Exercise objective ▸ In the records below, find the line containing "Section FiniteSums." and restate it and all lines after it exactly, through the last line.

Collected data:
•••••

(* Let $\Sigma$ be a finite signature. The axiomatization ${\rm AX}$ is sound and complete for the logic $\mathcal{L}^{\rm KD}(\Sigma)$ with respect to the class $\mathcal{M}(\Sigma)$; that is, a formula of $\mathcal{L}^{\rm KD}(\Sigma)$ is provable in ${\rm AX}$ if and only if it is valid in $\mathcal{M}(\Sigma)$.
   Context: Terms and deductive systems. A signature $\Sigma$ is a finite set of operation symbols with arities (arity-0 symbols are constants). Given a countable set of variables, the term algebra $T_\Sigma$ is the least set containing the variables and closed under applying operation symbols; ground terms are terms without variables, and $T^g_\Sigma$ is the set of ground terms. A ground substitution $\rho$ maps variables to ground terms; $\rho(t)$ replaces each variable of $t$ by its image. A $\Sigma'$-deductive system $D$ is a subset of $\wp_{fin}(T_{\Sigma'})\times T_{\Sigma'}$; an element $(\{t_1,\dots,t_n\},t)$ is a deduction rule, written $t_1,\dots,t_n\triangleright t$. A deduction of $t$ from a set $\Gamma$ of terms is a sequence of ground terms $u_1,\dots,u_m$ with $u_m=t$ such that each $u_i$ is either $\rho(t')$ for some ground substitution $\rho$ and some $t'\in\Gamma$, or $\rho(t')$ for some ground substitution $\rho$ and some rule $t'_1,\dots,t'_k\triangleright t'$ of $D$ such that each $\rho(t'_j)$ equals some $u_{l}$ with $l<i$. Write $\Gamma\vdash_D t$ if such a deduction exists. Let $\Sigma^{\rm KD}=\{\mathsf{ob},\mathsf{true},\mathsf{false},\mathsf{not},\mathsf{and},\mathsf{know},\mathsf{xknow}\}$, with $\mathsf{true},\mathsf{false}$ of arity 0, $\mathsf{ob},\mathsf{not},\mathsf{know},\mathsf{xknow}$ of arity 1, $\mathsf{and}$ of arity 2. Logic. The primitive propositions of $\mathcal{L}^{\rm KD}(\Sigma)$ are the ground terms $p\in T^g_\Sigma$. Formulas are built from primitive propositions by $\neg$, $\wedge$, the unary modal operators $K$ (implicit knowledge) and $X$ (explicit/deductive algorithmic knowledge), and formulas $\mathit{Ob}(p)$ for primitive propositions $p$. $\phi\vee\psi$, $\phi\Rightarrow\psi$, $\mathit{true}$, $\mathit{false}$ are the usual abbreviations. Each formula $\phi$ is translated to a term $\phi^T$: $p^T=p$, $(\neg\phi)^T=\mathsf{not}(\phi^T)$, $(\phi\wedge\psi)^T=\mathsf{and}(\phi^T,\psi^T)$, $(K\phi)^T=\mathsf{know}(\phi^T)$, $(X\phi)^T=\mathsf{xknow}(\phi^T)$, $(\mathit{Ob}(p))^T=\mathsf{ob}(p)$. Structures. A deductive algorithmic knowledge structure is $M=(S,\pi,D)$ where $S$ is a set of states, each of the form $(e,O)$ with $O$ a finite set of primitive propositions (the observations), $\pi$ assigns to each state $s$ and primitive proposition $p$ a truth value $\pi(s)(p)\in\{\textbf{true},\textbf{false}\}$, and $D$ is a $\Sigma\cup\Sigma^{\rm KD}$-deductive system. Let $s\sim s'$ iff $s=(e,O)$ and $s'=(e',O)$ for the same $O$. Satisfaction: $(M,s)\models p$ iff $\pi(s)(p)=\textbf{true}$; negation and conjunction as usual; $(M,s)\models K\phi$ iff $(M,s')\models\phi$ for all $s'\sim s$; $(M,s)\models X\phi$ iff $s=(e,O)$ and $\{\mathsf{ob}(p)\mid p\in O\}\vdash_D\phi^T$; $(M,s)\models\mathit{Ob}(p)$ iff $s=(e,O)$ and $p\in O$. $\mathcal{M}(\Sigma)$ is the class of all such structures (with any $\Sigma\cup\Sigma^{\rm KD}$-deductive system). A formula is valid in a class if true at every state of every structure in the class. Axiomatization ${\rm AX}$: Taut (all instances of propositional tautologies); MP (from $\phi$ and $\phi\Rightarrow\psi$ infer $\psi$); K1 $(K\phi\wedge K(\phi\Rightarrow\psi))\Rightarrow K\psi$; K2 from $\phi$ infer $K\phi$; K3 $K\phi\Rightarrow\phi$; K4 $K\phi\Rightarrow KK\phi$; K5 $\neg K\phi\Rightarrow K\neg K\phi$; X1 $X\phi\Rightarrow KX\phi$; X2 $\mathit{Ob}(p)\Rightarrow X\mathit{Ob}(p)$; X3 $\mathit{Ob}(p)\Rightarrow K\mathit{Ob}(p)$. Sound w.r.t. a class: every provable formula is valid in it; complete: every valid formula is provable. *)

From mathcomp Require Import all_boot.
Set Implicit Arguments.
Unset Strict Implicit.
Unset Printing Implicit Defensive.

Inductive term (S : Type) : Type :=
| Var of nat
| App of S & seq (term S).
Arguments Var {S} _.

Section Terms.
Variables (S : Type) (ar : S -> nat).

Fixpoint wfb (t : term S) : bool :=
  match t with
  | Var _ => true
  | App f ts => (size ts == ar f) && all wfb ts
  end.

Fixpoint groundb (t : term S) : bool :=
  match t with
  | Var _ => false
  | App _ ts => all groundb ts
  end.

Fixpoint subst (rho : nat -> term S) (t : term S) : term S :=
  match t with
  | Var x => rho x
  | App f ts => App f (map (subst rho) ts)
  end.

Definition ground_subst (rho : nat -> term S) : Prop :=
  forall x, groundb (rho x) && wfb (rho x).

Definition gterm := {t : term S | groundb t && wfb t}.
End Terms.

Fixpoint inlist (T : Type) (x : T) (s : seq T) : Prop :=
  match s with
  | [::] => False
  | y :: s' => x = y \/ inlist x s'
  end.

(* A deductive system: a set of rules (premises, conclusion); the finite set
   of premises is given as a list. *)
Definition deductive_system (S : Type) := seq (term S) -> term S -> Prop.

Section Deduction.
Variables (S : Type) (ar : S -> nat) (D : deductive_system S).

Definition is_deduction (Gamma : seq (term S)) (us : seq (term S)) : Prop :=
  forall i, i < size us ->
    exists rho, ground_subst ar rho /\
      ((exists t', inlist t' Gamma /\ nth (Var 0) us i = subst rho t') \/
       (exists prem c, D prem c /\ nth (Var 0) us i = subst rho c /\
          forall tj, inlist tj prem ->
            exists l, l < i /\ nth (Var 0) us l = subst rho tj)).

Definition deducible (Gamma : seq (term S)) (t : term S) : Prop :=
  exists us, is_deduction Gamma (rcons us t).
End Deduction.

Inductive KDsym := KOb | KTrue | KFalse | KNot | KAnd | KKnow | KXknow.

Definition kd_ar (k : KDsym) : nat :=
  match k with
  | KTrue | KFalse => 0
  | KOb | KNot | KKnow | KXknow => 1
  | KAnd => 2
  end.

Definition sym_ext (F : Type) := (F + KDsym)%type.
Definition ar_ext (F : Type) (ar : F -> nat) (f : sym_ext F) : nat :=
  match f with inl g => ar g | inr k => kd_ar k end.

Fixpoint emb (F : Type) (t : term F) : term (sym_ext F) :=
  match t with
  | Var x => Var x
  | App f ts => App (inl f) (map (@emb F) ts)
  end.

Section Logic.
Variables (F : Type) (ar : F -> nat).

Notation prim := (gterm ar).

Inductive form : Type :=
| Prim of prim
| Neg of form
| And of form & form
| Kn of form
| Xn of form
| Ob of prim.

Definition Or (a b : form) := Neg (And (Neg a) (Neg b)).
Definition Imp (a b : form) := Neg (And a (Neg b)).

Fixpoint trans (phi : form) : term (sym_ext F) :=
  match phi with
  | Prim p => emb (val p)
  | Neg a => App (inr KNot) [:: trans a]
  | And a b => App (inr KAnd) [:: trans a; trans b]
  | Kn a => App (inr KKnow) [:: trans a]
  | Xn a => App (inr KXknow) [:: trans a]
  | Ob p => App (inr KOb) [:: emb (val p)]
  end.

(* States are pairs (e, O) with e in an arbitrary environment type and O a
   finite set of primitive propositions (given as a list). *)
Record kd_structure : Type := KDStructure {
  env : Type;
  states : (env * seq prim)%type -> Prop;
  pi : (env * seq prim)%type -> prim -> bool;
  D : deductive_system (sym_ext F);
  D_wf : forall prem c, D prem c ->
           all (wfb (ar_ext ar)) prem && wfb (ar_ext ar) c
}.
Arguments states : clear implicits.
Arguments pi : clear implicits.
Arguments D : clear implicits.

Definition same_obs (O O' : seq prim) : Prop :=
  forall p, inlist p O <-> inlist p O'.

Local Unset Implicit Arguments.
Fixpoint sat (M : kd_structure) (s : (env M * seq prim)%type) (phi : form)
  : Prop :=
  match phi with
  | Prim p => pi M s p = true
  | Neg a => ~ sat M s a
  | And a b => sat M s a /\ sat M s b
  | Kn a => forall s', states M s' -> same_obs s.2 s'.2 -> sat M s' a
  | Xn a => deducible (ar_ext ar) (D M)
              [seq App (inr KOb) [:: emb (val p)] | p <- s.2] (trans a)
  | Ob p => inlist p s.2
  end.

Local Set Implicit Arguments.
Definition valid (phi : form) : Prop :=
  forall (M : kd_structure) s, states M s -> sat M s phi.

Inductive pform : Type :=
| PVar of nat
| PNeg of pform
| PAnd of pform & pform.

Fixpoint peval (v : nat -> bool) (q : pform) : bool :=
  match q with
  | PVar n => v n
  | PNeg a => ~~ peval v a
  | PAnd a b => peval v a && peval v b
  end.

Definition tautology (q : pform) : Prop := forall v, peval v q = true.
(* Let $G_1=(V_1,E_1)$ and $G_2=(V_2,E_2)$ be connected graphs whose path metrics are conditionally strictly negative definite, and let $o\in V_2$. Then the path metric of the comb product $G_1\triangleright_o G_2$ is conditionally strictly negative definite.
   Context: The comb product $G_1\triangleright_o G_2$ is the graph obtained from $G_1$ by attaching to each vertex $v\in V_1$ its own copy of $G_2$, identifying the vertex $o$ of that copy with $v$ (copies attached at different vertices are disjoint otherwise). The path metric of a connected graph is the shortest-path distance on its vertex set. A symmetric real function $K$ on $V\times V$ is conditionally strictly negative definite if for every finitely supported $\lambda\colon V\to\mathbb{C}$, $\lambda\neq0$, with $\sum_v\lambda(v)=0$ one has $\sum_{x,y}\lambda(x)\overline{\lambda(y)}K(x,y)<0$. *)

From Stdlib Require Import Reals List ClassicalEpsilon.
From Coquelicot Require Import Coquelicot.
Import ListNotations.
Open Scope R_scope.

Definition simple_graph {V : Type} (adj : V -> V -> Prop) : Prop :=
  (forall x y, adj x y -> adj y x) /\ (forall x, ~ adj x x).

Inductive walk {V : Type} (adj : V -> V -> Prop) : nat -> V -> V -> Prop :=
| walk_nil : forall x, walk adj 0 x x
| walk_cons : forall n x y z, walk adj n x y -> adj y z -> walk adj (S n) x z.

Definition connected {V : Type} (adj : V -> V -> Prop) : Prop :=
  forall x y : V, exists n, walk adj n x y.

(* Path metric: the length of a shortest walk (well defined for connected
   graphs; chosen classically). *)
Definition gdist {V : Type} (adj : V -> V -> Prop) (x y : V) : nat :=
  epsilon (inhabits 0%nat)
    (fun n => walk adj n x y /\ forall m, walk adj m x y -> (n <= m)%nat).

Definition csum {A : Type} (f : A -> C) (s : list A) : C :=
  fold_right (fun a acc => Cplus (f a) acc) (RtoC 0) s.

Definition cond_strict_neg_def {V : Type} (K : V -> V -> R) : Prop :=
  forall (lam : V -> C) (s : list V),
    NoDup s ->
    (forall v, ~ In v s -> lam v = RtoC 0) ->
    (exists v, lam v <> RtoC 0) ->
    csum lam s = RtoC 0 ->
    let q := csum (fun x => csum (fun y =>
               Cmult (Cmult (lam x) (Cconj (lam y))) (RtoC (K x y))) s) s in
    Im q = 0 /\ Re q < 0.

Definition path_metric {V : Type} (adj : V -> V -> Prop) (x y : V) : R :=
  INR (gdist adj x y).

(* Comb product G1 |>_o G2: vertex (v, w) is the vertex w of the copy of G2
   attached at v; the vertex (v, o) is identified with v in V1. *)
Definition comb_adj {V1 V2 : Type} (adj1 : V1 -> V1 -> Prop)
  (adj2 : V2 -> V2 -> Prop) (o : V2) (a b : V1 * V2) : Prop :=
  (fst a = fst b /\ adj2 (snd a) (snd b)) \/
  (snd a = o /\ snd b = o /\ adj1 (fst a) (fst b)).

(* In the comb, d((v,w),(v',w')) = d2(w,w') if v = v' and
   d2(w,o) + d1(v,v') + d2(o,w') otherwise.  For a mean-zero lam, let m v be
   the mass of the fibre over v, and recentre each fibre by moving its mass to
   o.  Up to separable kernels f x + g y, which are invisible to mean-zero
   functions, the quadratic form of the comb metric at lam is the form of d1
   at m plus the sum over v of the forms of d2 at the recentred fibres.  All
   these functions have mean zero, so every term is a nonpositive real; if
   m = 0 then some fibre is itself nonzero, so some term is negative. *)

From Stdlib Require Import Reals List ClassicalEpsilon Classical Permutation
  Lra Lia FunctionalExtensionality Wf_nat.
From Coquelicot Require Import Coquelicot.
Open Scope C_scope.

Definition classic_eq_dec {T : Type} (x y : T) : {x = y} + {x <> y} :=
  excluded_middle_informative (x = y).

Lemma Cconj_RtoC (r : R) : Cconj r = r.
Proof. unfold Cconj, RtoC; simpl; f_equal; ring. Qed.

Section FiniteSums.

Context {A : Type}.
Implicit Types (f g : A -> C) (l : list A).

Lemma csum_app f l1 l2 : csum f (l1 ++ l2) = csum f l1 + csum f l2.
Proof. induction l1 as [|a l1 IH]; simpl; [ring | rewrite IH; ring]. Qed.

Lemma csum_ext f g l : (forall x, In x l -> f x = g x) -> csum f l = csum g l.
Proof.
  induction l as [|a l IH]; simpl; intros Hfg; [reflexivity|].
  rewrite Hfg, IH; auto.
Qed.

•••••

Completed exercise ▸
Section FiniteSums.

Context {A : Type}.
Implicit Types (f g : A -> C) (l : list A).

Lemma csum_app f l1 l2 : csum f (l1 ++ l2) = csum f l1 + csum f l2.
Proof. induction l1 as [|a l1 IH]; simpl; [ring | rewrite IH; ring]. Qed.

Lemma csum_ext f g l : (forall x, In x l -> f x = g x) -> csum f l = csum g l.
Proof.
  induction l as [|a l IH]; simpl; intros Hfg; [reflexivity|].
  rewrite Hfg, IH; auto.
Qed.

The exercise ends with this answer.